Imagine being in a beautiful hotel suite, in Hawaii, surrounded by your closest friends, toasting to two people you love who are dedicating their lives to one another. The fifth of such toasts.
That very same weekend, the party continues over an authentic 6-course Japanese meal, as a bottle of Soju gets passed around. Your friend who used to live in Japan hand-picked it, and everyone’s oohs and ahhs demonstrate his good taste.
The next weekend, you head to an annual Blues and Brews festival in a picturesque northwest town along the Columbia River gorge, where twenty different beers and wines are flowing, on tap.
Five hours later, you’ve ended up at a packed bar with half of the festival-goers, where everyone is already three sheets to the wind.
And through all of these situations, you are stone cold sober.
It’s been 16 days. In this time, I’ve faced some of the most alcoholic of festivities, including a wedding reception open-bar and girls night out. I’ve downed more virgin cocktails and red bulls than I can count.
16 days feels like two months.
There are 74 more days to go. I took this 90-day challenge as a way to get back on track. Instead of feeling motivated each day, I found myself waking up later and accomplishing less after nights drinking with friends. So, why not stop drinking for a while?
The bonuses and insights that have come from such a impulsive decision are numerous. For one thing, hanging out with a bunch of drunk people when you’re sober is like holding up a fun-house mirror to yourself. People fight with their favorite people over amazingly stupid things. Excessive flirting sparks jealousy. Girls are crying, guys are frustrated, and you are in the middle trying to console both sides. From the other side, you see how unnecessary it all is.
It’s also pretty easy to blend into the drinking crowd simply by ordering drinks that look alcoholic. Order a tonic water with lime, and you can almost trick your own mind into thinking you’re on the way to a buzz.
Then there’s the unexpected bonus of weight loss. Instead of drinking all those empty calories, indulging ‘drunken munchies’ that night, then the ‘obligatory’ greasy food the next day… you just skip all that. And things fit better.
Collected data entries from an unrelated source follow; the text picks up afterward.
Lemma elim_cand_off R R' x : top_ranked R -> top_ranked R' -> x \notin X ->
  elim_cand e R x =i elim_cand e R' x.
Proof.
move=> R_top R'_top xX y; rewrite !inE.
case: (boolP (y \in X)) => yX; last first.
  by rewrite !(top_ranked_eq_off R_top R'_top) // (upper_off R_top R'_top).
have [xy x'y] := (top_ranked_lt R_top xX yX, top_ranked_lt R'_top xX yX).
by rewrite !ltnNge (ltnW xy) (ltnW x'y).
Qed.

Lemma elim_tree_off R R' x : injective R -> injective R' ->
  top_ranked R -> top_ranked R' -> x \notin X -> elim_tree e R x = elim_tree e R' x.
Proof.
move=> R_inj R'_inj R_top R'_top xX; apply: eq_elim_tree => //.
  exact: elim_cand_off.
by move=> y /(elim_cand_off_notin R_top xX); exact: top_ranked_eq_off.
Qed.

Lemma elim_tree_off_notin R x y : injective R -> top_ranked R -> x \notin X ->
  elim_tree e R x = Some y -> y \notin X.
Proof.
by move=> R_inj R_top xX /(elim_treeP e R_inj) [yx _]; exact: elim_cand_off_notin yx.
Qed.

Hypothesis X_conn :
  forall S : {set T}, X \subset S -> {in X &, forall z w, connect (induced e S) z w}.

Lemma elim_tree_top R R' t t' : injective R -> injective R' ->
  top_ranked R -> top_ranked R' -> t \in X -> t' \in X ->
  {in X, forall z, R t <= R z} -> {in X, forall z, R' t' <= R' z} ->
  elim_tree e R t = elim_tree e R' t'.
Proof.
move=> R_inj R'_inj R_top R'_top tX t'X tmin t'min.
have eq_cand : elim_cand e R t =i elim_cand e R' t'.
  move=> y; rewrite !inE; case: (boolP (y \in X)) => yX.
    by rewrite !ltnNge tmin // t'min.
  rewrite (top_ranked_lt R_top yX tX) (top_ranked_lt R'_top yX t'X) /=.
  rewrite (upper_off R_top R'_top yX).
  have XU := top_ranked_X_upper R'_top yX.
  by apply/idP/idP => /connect_trans; apply; exact: X_conn.
apply: eq_elim_tree => // y; rewrite inE => /andP [yt _].
apply: top_ranked_eq_off => //.
by apply: contraL yt => yX; rewrite -leqNgt tmin.
Qed.

Lemma elim_tree_in R x y : injective R -> top_ranked R -> y \in X ->
  R y < R x -> x \in elim_comp e R y ->
  (forall z, z \in X -> R y < R z -> R z < R x -> x \notin elim_comp e R z) ->
  elim_tree e R x = Some y.
Proof.
move=> R_inj R_top yX yx xy between; apply/(elim_treeP e R_inj).
split=> [|z]; first by rewrite inE yx xy.
rewrite inE => /andP [zx xz]; case: (boolP (z \in X)) => zX.
  by rewrite leqNgt; apply: contraL xz => yz; exact: between.
exact: ltnW (top_ranked_lt R_top zX yX).
Qed.

Lemma rotate_elim_tree R R' u v : injective R -> injective R' ->
  top_ranked R -> top_ranked R' -> v \in X ->
  elim_tree e R' v = elim_tree e R u -> elim_tree e R' u = Some v ->
  (forall w, w \in X -> w != u -> w != v ->
     elim_tree e R' w = if elim_tree e R w == Some v then
       (if [exists y in subtree (elim_tree e R) w, e u y] then Some u else Some v)
       else elim_tree e R w) ->
  rotate e (elim_tree e R) u v = elim_tree e R'.
Proof.
move=> R_inj R'_inj R_top R'_top vX R'v R'u R'w; apply/ffunP => x; rewrite ffunE.
case: eqVneq => [-> //|xv]; case: eqVneq => [-> //|xu].
case: (boolP (x \in X)) => xX; first by rewrite R'w.
case: eqP => [/(elim_tree_off_notin R_inj R_top xX)|_]; first by rewrite vX.
exact: elim_tree_off.
Qed.

End TopSet.

Section InducedPath.
Variables (T : finType) (e : rel T) (a b c : T).
Hypotheses (e_sym : symmetric e) (e_irr : irreflexive e).
Hypotheses (ab : a != b) (bc : b != c) (ac : a != c) (eab : e a b) (ebc : e b c).

Let X : {set T} := [set a; b; c].

Lemma inX z : z \in X -> [\/ z = a, z = b | z = c].
Proof.
by rewrite !inE => /orP [/orP [] | ] /eqP ->; [constructor 1 | constructor 2 | constructor 3].
Qed.

Lemma aX : a \in X. Proof. by rewrite !inE eqxx. Qed.
Lemma bX : b \in X. Proof. by rewrite !inE eqxx orbT. Qed.
Lemma cX : c \in X. Proof. by rewrite !inE eqxx !orbT. Qed.

Lemma path3_conn (S : {set T}) : X \subset S ->
  {in X &, forall z w, connect (induced e S) z w}.
Proof.
move=> XS; have aS := subsetP XS a aX; have bS := subsetP XS b bX.
have cS := subsetP XS c cX.
have from_b z : z \in X -> connect (induced e S) b z.
  case/inX=> ->; [apply: connect1 | exact: connect0 | apply: connect1].
  - by rewrite /induced bS aS e_sym.
  - by rewrite /induced bS cS.
move=> z w /from_b bz /from_b; apply: connect_trans.
by rewrite connect_induced_sym.
Qed.

Definition rank3 (ia ib ic : nat) (x : T) : nat :=
  if x == a then #|T| + ia else if x == b then #|T| + ib
  else if x == c then #|T| + ic else enum_rank x.

Lemma rank3a ia ib ic : rank3 ia ib ic a = #|T| + ia.
Proof. by rewrite /rank3 eqxx. Qed.
Lemma rank3b ia ib ic : rank3 ia ib ic b = #|T| + ib.
Proof. by rewrite /rank3 eq_sym (negbTE ab) eqxx. Qed.
Lemma rank3c ia ib ic : rank3 ia ib ic c = #|T| + ic.
Proof. by rewrite /rank3 eq_sym (negbTE ac) eq_sym (negbTE bc) eqxx. Qed.

Lemma rank3_top ia ib ic : top_ranked X (rank3 ia ib ic).
Proof.
split=> [x | x /inX [] ->]; rewrite ?rank3a ?rank3b ?rank3c ?leq_addr //.
rewrite !inE => /norP [/norP [/negbTE xa /negbTE xb] /negbTE xc].
by rewrite /rank3 xa xb xc.
Qed.

Lemma rank3_inj ia ib ic : uniq [:: ia; ib; ic] -> injective (rank3 ia ib ic).
Proof.
move=> uniq_i x y; have R_top := rank3_top ia ib ic.
case: (boolP (x \in X)) => xX; case: (boolP (y \in X)) => yX.
- case/inX: xX => ->; case/inX: yX => ->; rewrite ?rank3a ?rank3b ?rank3c //;
    by move/addnI => Eij; move: uniq_i; rewrite /= !inE Eij !eqxx ?orbT ?andbF.
- by move=> Exy; move: (top_ranked_lt R_top yX xX); rewrite Exy ltnn.
- by move=> Exy; move: (top_ranked_lt R_top xX yX); rewrite Exy ltnn.
- by rewrite R_top.1 // R_top.1 // => /ord_inj /enum_rank_inj.
Qed.
(* Let $n\ge 1$ and let $T_n$ be the $n\times n$ tridiagonal matrix with diagonal entries $(T_n)_{ii}=1$ for $1\le i\le n$, superdiagonal entries $(T_n)_{i,i+1}=i$ and subdiagonal entries $(T_n)_{i+1,i}=n-i$ for $1\le i\le n-1$, and all other entries $0$. Then $$\det(T_n)=\begin{cases}0 & \text{if } n \text{ is even},\\[4pt] \dfrac{(-1)^{\frac{n-1}{2}}\, n!}{2^{n-1}}\dbinom{n-1}{\frac{n-1}{2}} & \text{if } n \text{ is odd}.\end{cases}$$ *)

From mathcomp Require Import all_boot all_order all_algebra.
Set Implicit Arguments. Unset Strict Implicit. Unset Printing Implicit Defensive.
Import GRing.Theory Num.Theory.
Local Open Scope ring_scope.

(* T_n with 0-based indices: entry (i,j) for i,j : 'I_n.
   Paper (1-based): T_{ii}=1, T_{i,i+1}=i, T_{i+1,i}=n-i.
   0-based with i = i0+1: T(i0,i0)=1, T(i0,i0+1)=i0+1, T(i0+1,i0)=n-(i0+1). *)
Definition Tmat (n : nat) : 'M[rat]_n :=
  \matrix_(i < n, j < n)
    (if i == j :> nat then 1
     else if j == i.+1 :> nat then (i.+1)%:R
     else if i == j.+1 :> nat then (n - j.+1)%:R
     else 0).

From mathcomp Require Import all_boot all_order all_algebra zify ring.
Set Implicit Arguments. Unset Strict Implicit. Unset Printing Implicit Defensive.
Import GRing.Theory Num.Theory.
Local Open Scope ring_scope.

(* Let D_k be the k-th leading principal minor of T_n.  Since
   T_n is tridiagonal, Laplace expansion along the last row gives the
   continuant recurrence  D_{k+2} = D_{k+1} - (k+1)(n-k-1) D_k.  Solving it
   two steps at a time shows, by induction on j,
     D_{2j+1} = (2j+1) D_{2j}   and   D_{2j+2} = (2j+2-n) D_{2j+1},
   so D_{2i} = prod_{l<i} (2l+2-n)(2l+1).  For n even the factor with
   2l+2 = n vanishes, so det T_n = D_n = 0.  For n = 2m+1 the factors
   2l+2-n = -(2(m-1-l)+1) pair up with the odd numbers, giving
   det T_n = (2m+1) (-1)^m (1*3*...*(2m-1))^2, and the double factorial
   identity (1*3*...*(2m-1)) 2^m m! = (2m)! turns this into the stated
   binomial expression. *)

Definition leading_mx (R : pzRingType) (f : nat -> nat -> R) (k : nat) : 'M[R]_k :=
  \matrix_(i < k, j < k) f i j.

Section Continuant.
Variables (R : comPzRingType) (f : nat -> nat -> R).
Hypothesis tridiag : forall i j : nat, (i.+1 < j)%N || (j.+1 < i)%N -> f i j = 0.

(* Continuant recurrence: expanding a tridiagonal determinant along its last
   row, then the off-diagonal cofactor along its last column. *)
Lemma det_tridiag_rec k :
  \det (leading_mx f k.+2) =
  f k.+1 k.+1 * \det (leading_mx f k.+1)
  - f k k.+1 * f k.+1 k * \det (leading_mx f k).
Proof.
rewrite (expand_det_row _ ord_max) big_ord_recr /= big_ord_recr /=.
rewrite big1 ?add0r; last first.
  by move=> j _; rewrite mxE tridiag ?mul0r //= ltnS ltn_ord orbT.
rewrite !mxE /= addrC; congr (_ + _).
  rewrite /cofactor addnn -signr_odd odd_double expr0 mul1r; congr (_ * \det _).
  by apply/matrixP => a b; rewrite !mxE !lift_max.
rewrite /cofactor -signr_odd /= addnn odd_double /= expr1.
rewrite (expand_det_col _ ord_max) big_ord_recr /= big1 ?add0r; last first.
  move=> i _; rewrite !mxE tridiag ?mul0r //=.
  by rewrite /bump; have := ltn_ord i; case: leqP; case: leqP; lia.
rewrite !mxE /cofactor addnn -signr_odd odd_double expr0 mul1r lift_max /= /bump leqnn /=.
have minor_k : row' ord_max (col' ord_max (row' ord_max
    (col' (widen_ord (leqnSn k.+1) ord_max) (leading_mx f k.+2)))) = leading_mx f k.
  apply/matrixP => a b; rewrite !mxE !lift_max /= /bump /=.
  by rewrite (leqNgt k b) ltn_ord /= add0n (leqNgt k b) ltn_ord.
by rewrite minor_k add1n mulN1r mulrN mulrA [f k.+1 k * _]mulrC.
Qed.

End Continuant.

Definition Tentry (n i j : nat) : rat :=
  if i == j then 1
  else if j == i.+1 then (i.+1)%:R
  else if i == j.+1 then (n - j.+1)%:R
  else 0.

Lemma Tentry_tridiag n (i j : nat) :
  (i.+1 < j)%N || (j.+1 < i)%N -> Tentry n i j = 0.
Proof.
rewrite /Tentry => far.
have -> : (i == j) = false by apply/eqP; lia.
have -> : (j == i.+1) = false by apply/eqP; lia.
by have -> : (i == j.+1) = false by apply/eqP; lia.
Qed.

Lemma Tmat_leading n : Tmat n = leading_mx (Tentry n) n.
Proof. by apply/matrixP => i j; rewrite !mxE. Qed.

Definition minorT (n k : nat) : rat := \det (leading_mx (Tentry n) k).

Lemma minorT0 n : minorT n 0 = 1.
Proof. by rewrite /minorT det_mx00. Qed.

Lemma minorT1 n : minorT n 1 = 1.
Proof.
rewrite /minorT (expand_det_row _ ord0) big_ord1 !mxE /cofactor /Tentry /=.
by rewrite det_mx00 mul1r mulr1.
Qed.

Lemma minorT_rec n k :
  minorT n k.+2 = minorT n k.+1 - (k.+1 * (n - k.+1))%:R * minorT n k.
Proof.
rewrite /minorT det_tridiag_rec; last exact: Tentry_tridiag.
have -> : Tentry n k.+1 k.+1 = 1 by rewrite /Tentry eqxx.
have -> : Tentry n k k.+1 = k.+1%:R.
  by rewrite /Tentry eqxx; have -> : (k == k.+1) = false by apply/eqP; lia.
have -> : Tentry n k.+1 k = (n - k.+1)%:R.
  rewrite /Tentry eqxx; have -> : (k.+1 == k) = false by apply/eqP; lia.
  by have -> : (k == k.+2) = false by apply/eqP; lia.
by rewrite mul1r natrM.
Qed.

Lemma minorT_pair n j : (j.*2.+1 <= n)%N ->
  minorT n j.*2.+1 = (j.*2.+1)%:R * minorT n j.*2 /\
  minorT n j.*2.+2 = ((j.*2.+2)%:R - n%:R) * minorT n j.*2.+1.
Proof.
elim: j => [|j IH] jn.
  rewrite /= minorT_rec minorT1 minorT0 mulr1 mul1n natrB //.
  by split => //; ring.
rewrite doubleS in jn *; have [_ even_step] := IH ltac:(lia).
have odd_step : minorT n j.*2.+3 = (j.*2.+3)%:R * minorT n j.*2.+2.
  rewrite minorT_rec even_step natrM natrB; last lia.
  rewrite !mulrA -!mulrBl; congr (_ * _).
  by rewrite -addn3 -addn2 -addn1 !natrD; ring.
split => //.
rewrite minorT_rec odd_step natrM natrB; last lia.
rewrite mulrA -mulrBl [X in _ = X * _]mulrC; congr (_ * _).
by rewrite (_ : (j.*2.+4 = j.*2.+3 + 1)%N) ?natrD; [ring | lia].
Qed.

Lemma minorT_even n i : (i.*2 <= n.+1)%N ->
  minorT n i.*2 = \prod_(l < i) (((l.*2.+2)%:R - n%:R) * (l.*2.+1)%:R).
Proof.
elim: i => [|i IH] ilen; first by rewrite big_ord0 minorT0.
rewrite doubleS in ilen *; rewrite big_ord_recr /= -IH; last lia.
have [odd_step even_step] := minorT_pair (n := n) (j := i) ltac:(lia).
by rewrite even_step odd_step; ring.
Qed.

(* For n = 2m+1 the factors 2l+2-n are the negated odd numbers in reverse
   order, so the product is a signed square. *)
Lemma prod_odd_size m :
  \prod_(l < m) (((l.*2.+2)%:R - (m.*2.+1)%:R) * (l.*2.+1)%:R)
  = (-1) ^+ m * (\prod_(l < m) ((l.*2.+1)%:R : rat)) ^+ 2.
Proof.
rewrite big_split /= expr2 mulrA; congr (_ * _).
transitivity (\prod_(l < m) - ((l.*2.+1)%:R : rat)); last by rewrite prodrN card_ord.
rewrite (reindex_inj rev_ord_inj) /=; apply: eq_bigr => l _ /=.
rewrite (_ : (m.*2.+1 = (m - l.+1).*2.+2 + l.*2.+1)%N); last by have := ltn_ord l; lia.
by rewrite natrD opprD addrA subrr add0r.
Qed.

Lemma oddprod_fact m : (\prod_(l < m) l.*2.+1 * 2 ^ m * m`! = (m.*2)`!)%N.
Proof.
elim: m => [|m IH]; first by rewrite big_ord0.
by rewrite big_ord_recr /= doubleS !factS -IH expnS -!muln2; ring.
Qed.

Lemma oddprod_sq m :
  ((\prod_(l < m) l.*2.+1) ^ 2 * 2 ^ m.*2 = (m.*2)`! * 'C(m.*2, m))%N.
Proof.
set p := (\prod_(l < m) l.*2.+1)%N.
have bin := @bin_fact m.*2 m ltac:(lia).
rewrite (_ : (m.*2 - m = m)%N) in bin; last lia.
have dfact := oddprod_fact m; rewrite -/p in dfact.
apply/eqP; rewrite -(eqn_pmul2r (_ : 0 < m`! * m`!)%N); last by rewrite muln_gt0 !fact_gt0.
by rewrite -[X in _ == X]mulnA bin -{1}dfact -dfact -muln2 expnM; apply/eqP; ring.
Qed.

Lemma det_Tmat_even j : \det (Tmat j.*2.+2) = 0.
Proof.
rewrite Tmat_leading -/(minorT _ _).
by have [_ ->] := minorT_pair (n := j.*2.+2) (j := j) (leqnSn _); rewrite subrr mul0r.
Qed.

Lemma det_Tmat_odd m :
  \det (Tmat m.*2.+1) =
  (-1) ^+ m * (m.*2.+1)`!%:R / 2 ^+ m.*2 * ('C(m.*2, m))%:R.
Proof.
rewrite Tmat_leading -/(minorT _ _).
have [odd_step _] := minorT_pair (n := m.*2.+1) (j := m) (leqnn _).
rewrite odd_step minorT_even; last lia.
rewrite prod_odd_size -natr_prod.
have fact_neq0 : ((m.*2)`!%:R : rat) != 0 by rewrite pnatr_eq0 -lt0n fact_gt0.
have pow2_neq0 : (2 ^+ m.*2 : rat) != 0 by rewrite expf_neq0 // pnatr_eq0.
have binE : ('C(m.*2, m)%:R : rat) =
    (\prod_(l < m) l.*2.+1)%:R ^+ 2 * 2 ^+ m.*2 / (m.*2)`!%:R.
  apply: (mulfI fact_neq0); rewrite -natrM -oddprod_sq natrM !natrX.
  by rewrite [RHS]mulrC divfK.
by rewrite binE factS natrM; field; rewrite fact_neq0 pow2_neq0.
Qed.

Theorem mainTheorem4 (n : nat) (hn : (1 <= n)%N) :
  \det (Tmat n) =
  (if odd n then
     ((-1) ^+ ((n - 1) %/ 2) * (n`!)%:R / (2 ^+ (n - 1)) * ('C(n - 1, (n - 1) %/ 2))%:R)
   else 0).
Proof.
move: hn; have := odd_double_half n; move: (odd n) (n./2) => [] m <- hn /=.
  rewrite add1n det_Tmat_odd.
  have -> : (m.*2.+1 - 1 = m.*2)%N by lia.
  by have -> : (m.*2 %/ 2 = m)%N by lia.
by case: m hn => [|j] //= _; rewrite add0n doubleS det_Tmat_even.
Qed.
I look and feel better, too.
And I can’t say enough good things about waking up without a fuzzy memory, painful headache, and nausea. It’s pure bliss.
Another powerful insight: I never thought I had a problem with alcohol. The fact that I could easily take a few days off at a time, or enjoy just one drink without needing more, was proof enough for me that I had complete control over the situation. I thought that I drank because I worked so hard, or that I drank because I was just cutting loose on the weekends. The truth is, ever since I turned 21 I don’t think I’ve gone more than 4 weeks without drinking. I can’t think of a single wedding where I haven’t gotten hammered. And it’s not just after a long day of work that I want a drink… It’s after a day of painting, or writing, or meeting new people. I’ve noticed that when I accomplish something impressive, the way I want to celebrate is with a drink.
So, yes, not drinking is hard for me.
I’m excited to see what else I learn on this sobriety streak. I wonder if when September 10th rolls around, I’ll celebrate with a big glass of wine … or grape juice.